-- GIVEN ENTRIES follows --
(* A site holding more than [a] particles costs [expR (- a) * expR (e x)] by
   Chernoff's bound; the mass constraint of [inX] is preserved by the dynamics. *)
Lemma Prob_notinX_le {R : realType} {N : nat} {t : R} (xi : config N) (cs as_ K : R) :
  0 <= t -> (mass xi)%:R <= cs * N%:R -> (forall x, Exp t xi (fun e => (e x)%:R) <= K) ->
  1 - Prob t xi (inX cs as_) <= N.+1%:R * (expR ((expR 1 - 1) * K) * expR (- N%:R `^ as_)).
Proof.
move=> t_ge0 mass_le occ_le; set a := N%:R `^ as_.
rewrite /Prob -[X in X - _](Exp_cst t_ge0 (xi := xi)) -mulN1r -Exp_mull -Exp_add.
apply: le_trans (ler_Exp t_ge0 (G := fun e => \sum_x expR (- a) * expR (e x)%:R) _) _.
  move=> e mass_e; rewrite /inX mass_e mass_le /=.
  have [_|/forallPn [x]] := boolP [forall x : 'I_N.+1, (x != ord0) ==> ((e x)%:R <= a)].
    by rewrite mulr1 addrN; apply: sumr_ge0 => x _; rewrite mulr_ge0 ?expR_ge0.
  rewrite negb_imply -ltNge mulr0 addr0 (bigD1 x) //= => /andP[_ ex_gt].
  have : 1 <= expR (- a) * expR (e x)%:R.
    by rewrite -expRD; have := expR_ge1Dx (- a + (e x)%:R); lra.
  have : 0 <= \sum_(z | z != x) expR (- a) * expR (e z)%:R.
    by apply: sumr_ge0 => z _; rewrite mulr_ge0 ?expR_ge0.
  lra.
rewrite Exp_sum.
apply: (@le_trans _ _ (\sum_(x < N.+1) expR ((expR 1 - 1) * K) * expR (- a))).
  apply: ler_sum => x _.
  rewrite Exp_mull mulrC; apply: ler_wpM2r; first exact: expR_ge0.
  apply: le_trans (Exp_expR_occ_le t_ge0 x) _; rewrite ler_expR.
  by apply: ler_wpM2l; [rewrite subr_ge0 ltW // expR_gt1 | exact: occ_le].
by rewrite sumr_const card_ord mulr_natl.
Qed.

(* With M + 1 >= (k + 1) / a: [N^(k+1) <= (N^a)^(M+1) <= (M+1)! expR (N^a)]. *)
Lemma expR_powR_decay {R : realType} (a : R) k : 0 < a ->
  exists C : R, forall N : nat, (0 < N)%N ->
    N.+1%:R * expR (- N%:R `^ a) <= C * (N%:R^-1) ^+ k.
Proof.
move=> a_gt0; pose M := Num.truncn (k.+1%:R / a).
have kM : k.+1%:R <= a * M.+1%:R.
  by have := ltW (truncnS_gt (k.+1%:R / a)); rewrite ler_pdivrMr // mulrC.
pose F : R := (M.+1`!)%:R.
have F_gt0 : 0 < F by rewrite ltr0n fact_gt0.
exists (2 * F) => N N_gt0.
have N_ge1 : 1 <= N%:R :> R by rewrite ler1n.
set y := N%:R `^ a.
have Nk_le : N%:R ^+ k.+1 <= F * expR y.
  apply: (@le_trans _ _ (y ^+ M.+1)).
    rewrite /y -powR_mulrn ?powR_ge0 // -powRrM -powR_mulrn; last lra.
    exact: ler_powR.
  by have := pow_fact_le_expR y M (powR_ge0 _ _); rewrite ler_pdivrMr // mulrC.
have Nk_gt0 : 0 < N%:R ^+ k :> R by apply: exprn_gt0; lra.
rewrite expRN exprVn ler_pdivrMr ?expR_gt0 // mulrAC ler_pdivlMr //.
move: Nk_le; rewrite exprS -natr1; nra.
Qed.

Lemma sum_nat_eq_le1 {R : numDomainType} (m n k : nat) : \sum_(m <= y < n) ((y == k)%:R : R) <= 1.
Proof.
have [k_in|k_notin] := boolP (k \in index_iota m n).
  rewrite (bigD1_seq k) //= ?iota_uniq // eqxx big1_seq ?addr0 //.
  by move=> y /andP[/negbTE -> _].
by rewrite big1_seq // => y /andP[_ y_in]; case: eqP => // yk; rewrite -yk y_in in k_notin.
Qed.

Section Window.
Context {R : realType} {N : nat}.

Definition window (x l : nat) (z : 'I_N.+1) : R :=
  \sum_(x <= y < x + l) ((inord y : 'I_N.+1) == z)%:R.

Lemma window_sum x l (g : 'I_N.+1 -> R) :
  \sum_(x <= y < x + l) g (inord y) = \sum_z window x l z * g z.
Proof.
rewrite /window; under [RHS]eq_bigr do rewrite big_distrl /=.
rewrite exchange_big /=; apply: eq_bigr => y _.
rewrite (bigD1 (inord y)) //= eqxx mul1r big1 ?addr0 // => z.
by rewrite eq_sym => /negbTE ->; rewrite mul0r.
Qed.

Lemma window_bounds x l z : (x + l <= N.+1)%N -> 0 <= window x l z <= 1.
Proof.
move=> xl_le; apply/andP; split; first by apply: sumr_ge0 => y _; case: eqP.
rewrite /window (eq_big_nat _ _ (F2 := fun y => ((y == (z : nat))%:R : R))).
  exact: sum_nat_eq_le1.
move=> y /andP[_ y_lt]; have y_le : (y < N.+1)%N by apply: leq_trans xl_le.
by rewrite -(inj_eq val_inj) /= inordK.
Qed.

End Window.

Lemma truncn_powR_bounds {R : realType} N (b : R) : (0 < N)%N -> 0 < b <= 1 ->
  let l := Num.truncn (N%:R `^ b) in
  [/\ (0 < l)%N, (l <= N)%N & N%:R `^ b <= 2 * l%:R].
Proof.
move=> N_gt0 /andP[b_gt0 b_le1] l.
have N_ge1 : 1 <= N%:R :> R by rewrite ler1n.
have Nb_ge1 : 1 <= N%:R `^ b by have := ler_powR N_ge1 (ltW b_gt0); rewrite powRr0.
have Nb_le : N%:R `^ b <= N%:R by exact: ler1_powR.
have /andP[l_le l_gt] := truncn_itv (powR_ge0 N%:R b).
have l_gt0 : (0 < l)%N by rewrite /l truncn_ge_nat ?powR_ge0.
have l_ge1 : 1 <= l%:R :> R by rewrite ler1n.
split => //; first by rewrite -(ler_nat R); lra.
by move: l_gt; rewrite -natr1; lra.
Qed.

Lemma powR_inv_mul2 {R : realType} (x r : R) : 0 <= x ->
  x^-1 `^ (2 * r) = ((x `^ r) ^+ 2)^-1.
Proof.
by move=> x_ge0; rewrite -powR_inv1 // -powRrM mulN1r powRN mulrC powRrM powR_mulrn ?powR_ge0.
Qed.

Lemma window_fourth_moment_scaling {R : realType} (l Nb K m D : R) :
  1 <= l -> 0 < Nb <= 2 * l -> 0 <= m <= l * K -> 0 <= D ->
  l^-1 ^+ 4 * (D * (1 + m) ^+ 2) <= 4 * D * (1 + K) ^+ 2 / Nb ^+ 2.
Proof.
move=> l_ge1 /andP[Nb_gt0 Nb_le] /andP[m_ge0 m_le] D_ge0.
set u := l^-1.
have ul : u * l = 1 by rewrite mulVf //; lra.
have u_gt0 : 0 < u by rewrite invr_gt0; lra.
have u_le1 : u <= 1 by rewrite invf_le1; lra.
have uNb : u * Nb <= 2 by nra.
have um : u * (1 + m) <= 1 + K.
  have : u * m <= K by rewrite -[K]mul1r -ul -mulrA ler_pM2l.
  lra.
rewrite ler_pdivlMr ?exprn_gt0 //.
have -> : u ^+ 4 * (D * (1 + m) ^+ 2) * Nb ^+ 2 = D * ((u * Nb) ^+ 2 * (u * (1 + m)) ^+ 2).
  by ring.
have -> : 4 * D * (1 + K) ^+ 2 = D * (2 ^+ 2 * (1 + K) ^+ 2) by ring.
apply: ler_wpM2l => //; apply: ler_pM; rewrite ?sqr_ge0 //.
- by rewrite lerXn2r // nnegrE; nra.
- by rewrite lerXn2r // nnegrE; nra.
Qed.

Section Estimates.
Context {R : realType} {delta c2 cs as_ : R}.
Hypothesis delta_gt0 : 0 < delta.
Hypothesis p0_le : forall N : nat, (0 < N)%N -> forall x y : 'I_N.+1,
  p0 ((N%:R) ^+ 2 * delta) x y <= c2 * (N%:R)^-1 / Num.sqrt delta.

Let time_ge0 N : 0 <= (N%:R : R) ^+ 2 * delta.
Proof. by rewrite mulr_ge0 ?exprn_ge0 // ltW. Qed.

Lemma w_le N : (0 < N)%N -> forall xi : config N, inX cs as_ xi ->
  forall x, w delta xi x <= c2 * cs / Num.sqrt delta.
Proof.
move=> N_gt0 xi /andP[mass_le _] x; rewrite /w (Exp_occ (time_ge0 N)).
set B := c2 * N%:R^-1 / Num.sqrt delta.
have B_ge0 : 0 <= B by apply: le_trans (p0_le N N_gt0 x x); exact: p0_ge0.
apply: (@le_trans _ _ (\sum_(i < size (particles xi)) B)).
  by apply: ler_sum => i _; exact: p0_le.
rewrite sumr_const card_ord size_particles -mulr_natl.
apply: le_trans (ler_wpM2r B_ge0 mass_le) _; rewrite le_eqVlt; apply/orP; left.
have N_neq0 : N%:R != 0 :> R by rewrite pnatr_eq0 -lt0n.
have sqrt_neq0 : Num.sqrt delta != 0 by rewrite sqrtr_eq0 -ltNge.
by apply/eqP; rewrite /B; field; rewrite N_neq0 sqrt_neq0.
Qed.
-- GIVEN ENTRIES concluded --
**YOUR TASK**
From the listing above, copy out each line where the word "boolP" appears.

**FINISHED EXERCISE**
  have [_|/forallPn [x]] := boolP [forall x : 'I_N.+1, (x != ord0) ==> ((e x)%:R <= a)].
have [k_in|k_notin] := boolP (k \in index_iota m n).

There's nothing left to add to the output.